● **About this task**
Which lines hold the word "gives"? Copy each of them from the material.

● **Extracted entries**
•••
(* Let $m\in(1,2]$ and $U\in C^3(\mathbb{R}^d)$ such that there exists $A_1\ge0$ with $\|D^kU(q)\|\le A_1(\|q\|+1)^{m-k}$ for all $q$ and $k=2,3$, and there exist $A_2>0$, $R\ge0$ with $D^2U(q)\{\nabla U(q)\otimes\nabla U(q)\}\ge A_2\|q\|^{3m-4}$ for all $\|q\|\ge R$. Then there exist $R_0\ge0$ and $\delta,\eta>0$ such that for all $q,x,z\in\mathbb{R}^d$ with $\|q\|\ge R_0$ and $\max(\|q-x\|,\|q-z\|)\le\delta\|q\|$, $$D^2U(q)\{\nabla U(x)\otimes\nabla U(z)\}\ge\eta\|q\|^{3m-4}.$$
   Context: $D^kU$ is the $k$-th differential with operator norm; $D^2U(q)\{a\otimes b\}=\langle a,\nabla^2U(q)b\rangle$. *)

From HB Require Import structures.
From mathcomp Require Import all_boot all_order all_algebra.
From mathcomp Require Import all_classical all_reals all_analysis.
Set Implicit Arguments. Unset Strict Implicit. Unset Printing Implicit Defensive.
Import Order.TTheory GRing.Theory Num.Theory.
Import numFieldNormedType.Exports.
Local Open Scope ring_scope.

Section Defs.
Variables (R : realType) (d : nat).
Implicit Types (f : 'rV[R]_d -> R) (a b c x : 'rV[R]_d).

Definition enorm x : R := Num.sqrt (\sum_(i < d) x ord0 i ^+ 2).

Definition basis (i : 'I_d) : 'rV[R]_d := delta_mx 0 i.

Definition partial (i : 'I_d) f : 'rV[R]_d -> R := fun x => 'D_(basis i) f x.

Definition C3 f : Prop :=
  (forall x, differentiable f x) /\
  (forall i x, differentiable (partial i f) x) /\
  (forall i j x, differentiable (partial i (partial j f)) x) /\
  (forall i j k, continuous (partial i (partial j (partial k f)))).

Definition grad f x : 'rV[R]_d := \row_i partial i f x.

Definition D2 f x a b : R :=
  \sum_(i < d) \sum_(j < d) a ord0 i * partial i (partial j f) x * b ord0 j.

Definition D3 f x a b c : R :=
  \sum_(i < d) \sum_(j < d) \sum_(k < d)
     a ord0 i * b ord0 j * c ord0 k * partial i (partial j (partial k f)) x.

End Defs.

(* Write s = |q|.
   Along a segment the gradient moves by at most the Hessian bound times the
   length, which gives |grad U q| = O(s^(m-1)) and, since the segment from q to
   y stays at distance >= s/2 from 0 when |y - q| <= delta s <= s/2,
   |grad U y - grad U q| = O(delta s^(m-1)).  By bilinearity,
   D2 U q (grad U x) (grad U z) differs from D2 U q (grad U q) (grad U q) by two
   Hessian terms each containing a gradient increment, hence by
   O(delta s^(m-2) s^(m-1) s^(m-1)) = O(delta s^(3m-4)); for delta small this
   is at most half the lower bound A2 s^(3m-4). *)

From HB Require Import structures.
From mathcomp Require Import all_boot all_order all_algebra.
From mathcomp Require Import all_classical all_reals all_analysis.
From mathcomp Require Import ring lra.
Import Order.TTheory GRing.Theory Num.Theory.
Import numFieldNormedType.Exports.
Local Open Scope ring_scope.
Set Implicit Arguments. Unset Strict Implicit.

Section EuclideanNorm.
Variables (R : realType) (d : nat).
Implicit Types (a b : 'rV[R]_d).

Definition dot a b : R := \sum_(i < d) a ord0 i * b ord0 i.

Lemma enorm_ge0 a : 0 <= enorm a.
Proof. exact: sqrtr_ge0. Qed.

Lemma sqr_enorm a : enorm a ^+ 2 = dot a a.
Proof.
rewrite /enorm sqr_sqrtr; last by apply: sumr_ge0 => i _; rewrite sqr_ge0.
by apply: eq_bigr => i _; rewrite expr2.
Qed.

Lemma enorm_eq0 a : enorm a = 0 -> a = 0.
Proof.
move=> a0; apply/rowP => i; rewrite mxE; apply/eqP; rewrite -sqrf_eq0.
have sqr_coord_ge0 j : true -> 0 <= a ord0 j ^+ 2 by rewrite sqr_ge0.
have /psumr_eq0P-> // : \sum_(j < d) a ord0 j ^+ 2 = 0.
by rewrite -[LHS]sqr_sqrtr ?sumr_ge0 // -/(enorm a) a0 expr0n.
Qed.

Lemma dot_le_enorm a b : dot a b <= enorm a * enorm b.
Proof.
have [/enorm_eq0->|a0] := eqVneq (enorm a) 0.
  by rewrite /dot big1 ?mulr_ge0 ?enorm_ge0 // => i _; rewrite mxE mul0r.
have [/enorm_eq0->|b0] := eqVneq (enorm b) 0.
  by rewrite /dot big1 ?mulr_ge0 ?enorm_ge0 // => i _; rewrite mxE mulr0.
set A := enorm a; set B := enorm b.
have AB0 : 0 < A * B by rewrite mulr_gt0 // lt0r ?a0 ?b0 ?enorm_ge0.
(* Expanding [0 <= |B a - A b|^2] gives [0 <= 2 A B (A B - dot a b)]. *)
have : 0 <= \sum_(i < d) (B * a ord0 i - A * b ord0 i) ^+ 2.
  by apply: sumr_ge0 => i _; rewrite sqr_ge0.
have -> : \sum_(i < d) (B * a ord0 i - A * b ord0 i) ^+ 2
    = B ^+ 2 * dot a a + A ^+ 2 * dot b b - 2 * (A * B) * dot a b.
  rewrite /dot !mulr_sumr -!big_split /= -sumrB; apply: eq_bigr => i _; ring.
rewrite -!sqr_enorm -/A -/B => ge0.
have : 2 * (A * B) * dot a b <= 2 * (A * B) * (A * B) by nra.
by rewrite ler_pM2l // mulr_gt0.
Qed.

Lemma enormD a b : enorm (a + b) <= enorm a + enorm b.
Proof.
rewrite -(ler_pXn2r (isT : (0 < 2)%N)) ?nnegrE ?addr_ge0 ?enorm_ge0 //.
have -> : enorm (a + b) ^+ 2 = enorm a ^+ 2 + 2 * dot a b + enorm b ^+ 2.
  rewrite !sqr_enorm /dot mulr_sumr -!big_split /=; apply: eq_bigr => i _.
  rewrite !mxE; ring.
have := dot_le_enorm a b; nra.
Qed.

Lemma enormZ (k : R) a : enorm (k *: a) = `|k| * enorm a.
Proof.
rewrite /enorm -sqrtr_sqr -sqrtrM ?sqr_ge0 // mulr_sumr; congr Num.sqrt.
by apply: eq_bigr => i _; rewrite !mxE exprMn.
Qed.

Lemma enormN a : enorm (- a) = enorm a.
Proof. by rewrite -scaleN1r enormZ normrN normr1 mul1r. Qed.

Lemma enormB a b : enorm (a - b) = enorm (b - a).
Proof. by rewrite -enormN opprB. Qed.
•••
● **Exercise solution**
   length, which gives |grad U q| = O(s^(m-1)) and, since the segment from q to
(* Expanding [0 <= |B a - A b|^2] gives [0 <= 2 A B (A B - dot a b)]. *)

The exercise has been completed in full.